MySQL: Find Missing Dates Between a Date Range
Asked Answered
B

6

6

I need some help with a mysql query. I've got db table that has data from Jan 1, 2011 thru April 30, 2011. There should be a record for each date. I need to find out whether any date is missing from the table.

So for example, let's say that Feb 2, 2011 has no data. How do I find that date?

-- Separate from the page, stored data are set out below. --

(* Let $G$ be a torsion-free group acting $\kappa$-acylindrically on a simplicial tree $T$. Let $g,h\in G$ be loxodromic with axes $\alpha_g,\alpha_h$ and translation lengths $\lambda_T(g),\lambda_T(h)$. If $g$ and $h$ do not have a common nontrivial power, then $\mathrm{diam}_T(\alpha_g\cap\alpha_h)\le\kappa+\lambda_T(g)\cdot\lambda_T(h)$.
   Context: An action on a simplicial tree is $\kappa$-acylindrical if the pointwise stabiliser of every edge path of length at least $\kappa+1$ is trivial. For a loxodromic element $g$, its axis $\alpha_g$ is the unique $g$-invariant bi-infinite geodesic on which $g$ translates, and $\lambda_T(g)>0$ is its translation length. Common nontrivial power: $g^m=h^n\neq1$ for some integers $m,n$. *)

From mathcomp Require Import all_boot all_order all_algebra.
Set Implicit Arguments. Unset Strict Implicit. Unset Printing Implicit Defensive.
Import GRing.Theory Num.Theory.

Definition is_group (G : Type) (mul : G -> G -> G) (inv : G -> G) (one : G) : Prop :=
  [/\ (forall a b c, mul a (mul b c) = mul (mul a b) c),
      (forall a, mul one a = a), (forall a, mul a one = a),
      (forall a, mul (inv a) a = one) & (forall a, mul a (inv a) = one)].

Section GroupDefs.
Variables (G : Type) (mul : G -> G -> G) (inv : G -> G) (one : G).

Fixpoint gpow (g : G) (n : nat) : G :=
  match n with O => one | S n' => mul g (gpow g n') end.

Definition zpow (g : G) (z : int) : G :=
  match z with Posz n => gpow g n | Negz n => inv (gpow g n.+1) end.

Definition torsion_free : Prop :=
  forall (g : G) (n : nat), (0 < n)%N -> gpow g n = one -> g = one.

Definition common_nontrivial_power (g h : G) : Prop :=
  exists m n : int, zpow g m = zpow h n /\ zpow g m <> one.
End GroupDefs.

Section Graphs.
Variables (V : Type) (adj : V -> V -> Prop).

(* x :: s is a walk (edge path) starting at x; its length is size s *)
Fixpoint is_walk (x : V) (s : seq V) : Prop :=
  match s with [::] => True | y :: s' => adj x y /\ is_walk y s' end.

Definition reduced (x : V) (s : seq V) : Prop :=
  forall i, (i.+2 <= size s)%N -> nth x (x :: s) i <> nth x (x :: s) i.+2.

Definition is_tree : Prop :=
  [/\ (forall x, ~ adj x x),
      (forall x y, adj x y -> adj y x),
      (forall x y, exists s, is_walk x s /\ last x s = y) &
      (forall x s, is_walk x s -> reduced x s -> last x s = x -> s = [::])].

Definition is_dist (x y : V) (n : nat) : Prop :=
  (exists s, [/\ is_walk x s, last x s = y & size s = n]) /\
  (forall s, is_walk x s -> last x s = y -> (n <= size s)%N).

Definition biinf_geodesic (gam : int -> V) : Prop :=
  forall i j : int, is_dist (gam i) (gam j) `|(i - j)%R|%N.
End Graphs.

Section Actions.
Variables (G : Type) (mul : G -> G -> G) (one : G) (V : Type) (adj : V -> V -> Prop)
          (act : G -> V -> V).

Definition is_action : Prop :=
  [/\ (forall x, act one x = x),
      (forall g h x, act (mul g h) x = act g (act h x)) &
      (forall g x y, adj x y <-> adj (act g x) (act g y))].

Definition acylindrical (kappa : nat) : Prop :=
  forall (x : V) (s : seq V), is_walk adj x s -> reduced x s -> (kappa.+1 <= size s)%N ->
  forall g : G, (forall i, (i <= size s)%N -> act g (nth x (x :: s) i) = nth x (x :: s) i) ->
  g = one.

Definition translation_length (g : G) (l : nat) : Prop :=
  (exists x, is_dist adj x (act g x) l) /\
  (forall x n, is_dist adj x (act g x) n -> (l <= n)%N).

Definition is_axis (g : G) (gam : int -> V) : Prop :=
  biinf_geodesic adj gam /\
  exists k : int, (k != 0)%R /\ forall i : int, act g (gam i) = gam (i + k)%R.

Definition loxodromic (g : G) : Prop := exists gam, is_axis g gam.
End Actions.

From mathcomp Require Import all_boot all_order all_algebra.
From mathcomp Require Import zify ring.
From Stdlib Require Import Classical.
Import GRing.Theory Num.Theory.
Set Implicit Arguments. Unset Strict Implicit. Unset Printing Implicit Defensive.

(* Let k and k' be the shifts of g and h along their axes, so that |k| <= lambda(g)
   and |k'| <= lambda(h). Geodesics in a tree are unique, so a segment of length n
   shared by the two axes is a common geodesic segment, and suitable powers
   A = g^(+-|k'|) and B = h^(+-|k|) both translate it by L = |k||k'| in the same
   direction. Then B^-1 A fixes its initial subsegment of length n - L pointwise;
   if n > kappa + L, acylindricity gives A = B, and A <> 1 since A moves the
   points of its axis: a common nontrivial power. *)

Section Walks.
Variables (V : Type) (adj : V -> V -> Prop).

Definition has_walk (x y : V) (n : nat) :=
  exists s, [/\ is_walk adj x s, last x s = y & size s = n].

Lemma is_walk_cat x s t :
  is_walk adj x (s ++ t) <-> is_walk adj x s /\ is_walk adj (last x s) t.
Proof. elim: s x => [|y s IH] x /=; first by tauto. rewrite IH; tauto. Qed.

Lemma has_walk_cat x y z m n : has_walk x y m -> has_walk y z n -> has_walk x z (m + n).
Proof.
move=> [s [ws <- <-]] [t [wt <- <-]]; exists (s ++ t); split.
- exact/is_walk_cat.
- by rewrite last_cat.
- by rewrite size_cat.
Qed.

Lemma is_dist_walk x y n : is_dist adj x y n -> has_walk x y n.
Proof. by case. Qed.

Lemma is_dist_le x y n m : is_dist adj x y n -> has_walk x y m -> (n <= m)%N.
Proof. by move=> [_ Hmin] [s [ws ls <-]]; apply: Hmin. Qed.

Lemma is_dist_uniq x y n m : is_dist adj x y n -> is_dist adj x y m -> n = m.
Proof.
move=> Hn Hm; apply/eqP.
by rewrite eqn_leq (is_dist_le Hn (is_dist_walk Hm)) (is_dist_le Hm (is_dist_walk Hn)).
Qed.

Lemma is_dist_refl x n : is_dist adj x x n -> n = 0%N.
Proof. by move=> Hn; apply/eqP; rewrite -leqn0; apply: (is_dist_le Hn); exists [::]. Qed.

Lemma is_dist1_adj x y : is_dist adj x y 1 -> adj x y.
Proof. by move=> /is_dist_walk [[|z [|? ?]] [//= [xz _] <- _]]. Qed.

Definition fpath (c : nat -> V) (n : nat) : seq V := map c (iota 1 n).

Lemma size_fpath c n : size (fpath c n) = n.
Proof. by rewrite size_map size_iota. Qed.

Lemma fpathS c n : fpath c n.+1 = c 1%N :: fpath (fun t => c t.+1) n.
Proof. by rewrite /fpath /= -[2%N]/(1 + 1)%N iotaDl -map_comp. Qed.

Lemma nth_fpath c n t : (t <= n)%N -> nth (c 0%N) (c 0%N :: fpath c n) t = c t.
Proof.
move=> tn; rewrite -[c 0%N :: _]/(map c (iota 0 n.+1)).
by rewrite (nth_map 0%N) ?size_iota // nth_iota.
Qed.

Lemma last_fpath c n : last (c 0%N) (fpath c n) = c n.
Proof.
by rewrite -[last _ _]/(last (c 0%N) (c 0%N :: fpath c n)) -nth_last /= size_fpath nth_fpath.
Qed.

Lemma is_walk_fpath c n :
  (forall t, (t < n)%N -> adj (c t) (c t.+1)) -> is_walk adj (c 0%N) (fpath c n).
Proof.
elim: n c => [|n IH] c Hc //; rewrite fpathS; split; first exact: Hc.
by apply: (IH (fun t => c t.+1)) => t ht; apply: Hc.
Qed.

Lemma reduced_fpath c n :
  (forall t, (t.+2 <= n)%N -> c t <> c t.+2) -> reduced (c 0%N) (fpath c n).
Proof.
move=> Hc t; rewrite size_fpath => ht.
rewrite !nth_fpath //; [exact: Hc | lia].
Qed.

Definition geodesic_segment (f : nat -> V) (n : nat) :=
  forall a b, (a <= b)%N -> (b <= n)%N -> is_dist adj (f a) (f b) (b - a).

Lemma geodesic_segment_le f n m : geodesic_segment f n -> (m <= n)%N -> geodesic_segment f m.
Proof. by move=> Hf mn a b ab bm; apply: Hf => //; apply: leq_trans mn. Qed.

Lemma geodesic_segment_adj f n t : geodesic_segment f n -> (t < n)%N -> adj (f t) (f t.+1).
Proof. by move=> Hf tn; apply: is_dist1_adj; rewrite -(subSnn t); apply: Hf. Qed.

Lemma geodesic_segment_neq2 f n t : geodesic_segment f n -> (t.+2 <= n)%N -> f t <> f t.+2.
Proof.
move=> Hf tn E; have := Hf t t.+2 (leqW (leqnSn t)) tn.
by rewrite E => /is_dist_refl; rewrite subSn // subSnn.
Qed.

Lemma biinf_geodesic_inj gam : biinf_geodesic adj gam -> injective gam.
Proof. by move=> Hgam a b E; have := Hgam a b; rewrite E => /is_dist_refl; lia. Qed.

Lemma biinf_geodesic_segment gam (i e : int) n : biinf_geodesic adj gam ->
  (e = 1 \/ e = -1)%R -> geodesic_segment (fun t => gam (i + e * t%:Z)%R) n.
Proof.
move=> Hgam He a b ab _; have := Hgam (i + e * a%:Z)%R (i + e * b%:Z)%R.
suff -> : `|(i + e * a%:Z - (i + e * b%:Z))%R|%N = (b - a)%N by [].
by case: He => ->; lia.
Qed.

End Walks.

Lemma int_orient_dist (i j : int) :
  exists2 e : int, (e = 1 \/ e = -1)%R & j = (i + e * `|(i - j)%R|%N%:Z)%R.
Proof.
have [ij|ji] := lerP i j; [exists 1%R; first by left | exists (-1)%R; first by right]; lia.
Qed.

Section Trees.
Variables (V : Type) (adj : V -> V -> Prop).
Hypothesis HT : is_tree adj.

Lemma tree_fpath_not_closed c N : (0 < N)%N ->
  (forall t, (t < N)%N -> adj (c t) (c t.+1)) ->
  (forall t, (t.+2 <= N)%N -> c t <> c t.+2) -> c N <> c 0%N.
Proof.
move=> N0 Hadj Hred Hclosed; case: HT => _ _ _ Hcycle.
have := Hcycle _ _ (is_walk_fpath Hadj) (reduced_fpath Hred).
by rewrite last_fpath => /(_ Hclosed) /(congr1 size) /=; rewrite size_fpath; lia.
Qed.

Lemma geodesic_segment_uniq f f' n :
  geodesic_segment adj f n -> geodesic_segment adj f' n ->
  f 0%N = f' 0%N -> f n = f' n -> forall t, (t <= n)%N -> f t = f' t.
Proof.
elim: n f f' => [|m IH] f f' Hf Hf' E0 En t tn; first by have -> : t = 0%N by lia.
have [Em|Em] := classic (f m = f' m).
  have [mt|tm] := ltnP m t; first by have -> : t = m.+1 by lia.
  by apply: IH tm; rewrite ?Em //; apply: geodesic_segment_le (leqnSn m).
(* Otherwise f followed by f' backwards is a reduced closed walk. *)
exfalso; case: HT => _ Hsym _ _.
pose n := m.+1; pose c t := if (t <= n)%N then f t else f' (n + n - t).
have c_le s : (s <= n)%N -> c s = f s by rewrite /c => ->.
have c_ge s : (n <= s)%N -> c s = f' (n + n - s).
  rewrite /c; case: (leqP s n) => // sn ns; have -> : s = n by lia.
  by rewrite -addnBA // subnn addn0.
apply: (tree_fpath_not_closed (c := c) (N := n + n)); first by lia.
- move=> s sN; have [sn|ns] := ltnP s n.
    by rewrite !c_le ?(ltnW sn) //; apply: geodesic_segment_adj Hf sn.
  rewrite !c_ge ?(leq_trans ns) //; apply: Hsym.
  rewrite (_ : n + n - s = (n + n - s.+1).+1)%N; last by lia.
  by apply: geodesic_segment_adj Hf' _; lia.
- move=> s sN; have [sn|ns] := leqP s.+2 n.
    by rewrite !c_le //; [apply: geodesic_segment_neq2 Hf sn | lia].
  have [->|s_ge] : s = m \/ (n <= s)%N by lia.
    by rewrite c_le ?c_ge // (_ : n + n - m.+2 = m)%N //; lia.
  rewrite !c_ge; try lia.
  rewrite (_ : n + n - s = (n + n - s.+2).+2)%N; last by lia.
  by move/esym; apply: geodesic_segment_neq2 Hf' _; lia.
- by rewrite c_ge ?leq_addr // subnn c_le // E0.
Qed.

Lemma biinf_geodesics_common_segment ag ah i j i' j' n :
  biinf_geodesic adj ag -> biinf_geodesic adj ah -> ag i = ah i' -> ag j = ah j' ->
  is_dist adj (ag i) (ag j) n ->
  exists2 e : int, (e = 1 \/ e = -1)%R & exists2 e' : int, (e' = 1 \/ e' = -1)%R &
    forall t, (t <= n)%N -> ag (i + e * t%:Z)%R = ah (i' + e' * t%:Z)%R.
Proof.
move=> Hag Hah Ei Ej Hn; have Hn' : is_dist adj (ah i') (ah j') n by rewrite -Ei -Ej.
have [e He Ej_e] := int_orient_dist i j; have [e' He' Ej_e'] := int_orient_dist i' j'.
rewrite -(is_dist_uniq Hn (Hag i j)) in Ej_e.
rewrite -(is_dist_uniq Hn' (Hah i' j')) in Ej_e'.
exists e => //; exists e' => // t.
apply: (geodesic_segment_uniq (biinf_geodesic_segment i (n := n) Hag He)
                              (biinf_geodesic_segment i' (n := n) Hah He')) => /=.
  by rewrite !mulr0 !addr0.
by rewrite -Ej_e -Ej_e'.
Qed.

End Trees.

Section Actions.
Variables (G : Type) (mul : G -> G -> G) (inv : G -> G) (one : G).
Hypothesis HG : is_group mul inv one.
Variables (V : Type) (adj : V -> V -> Prop) (act : G -> V -> V).
Hypothesis Hact : is_action mul one adj act.

Lemma act_invK a x : act (inv a) (act a x) = x.
Proof. by case: HG => _ _ _ mulVg _; case: Hact => act1 actM _; rewrite -actM mulVg act1. Qed.

Lemma has_walk_act a x y n : has_walk adj x y n -> has_walk adj (act a x) (act a y) n.
Proof.
case: Hact => _ _ act_adj [s [ws <- <-]]; exists (map (act a) s); split.
- elim: s x ws => [|z s IH] x //= [xz ws].
  by split; [apply: (act_adj a x z).1 | apply: IH].
- by rewrite last_map.
- by rewrite size_map.
Qed.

I've got the dates stored in a column called reportdatetime. The dates are stored in the format: 2011-05-10 0:00:00, which is May 5, 2011 12:00:00 am.

Any suggestions?

Balsa answered 1/7, 2011 at 17:19 Comment(4)
So you're saying that a single date wouldn't have a row at all or that it has a row and there's no data in another column? If it doesn't have a row the only way I can think of would be to loop through each date and check it.Yearwood
You mean reportdatetime has the entry of Feb 2, 2011 but other fields associated to that date are not present?Bergamo
Possibly duplicate of #3539358Machinery
And another dupe #5523201Machinery
T
13

This is a second answer, I'll post it separately.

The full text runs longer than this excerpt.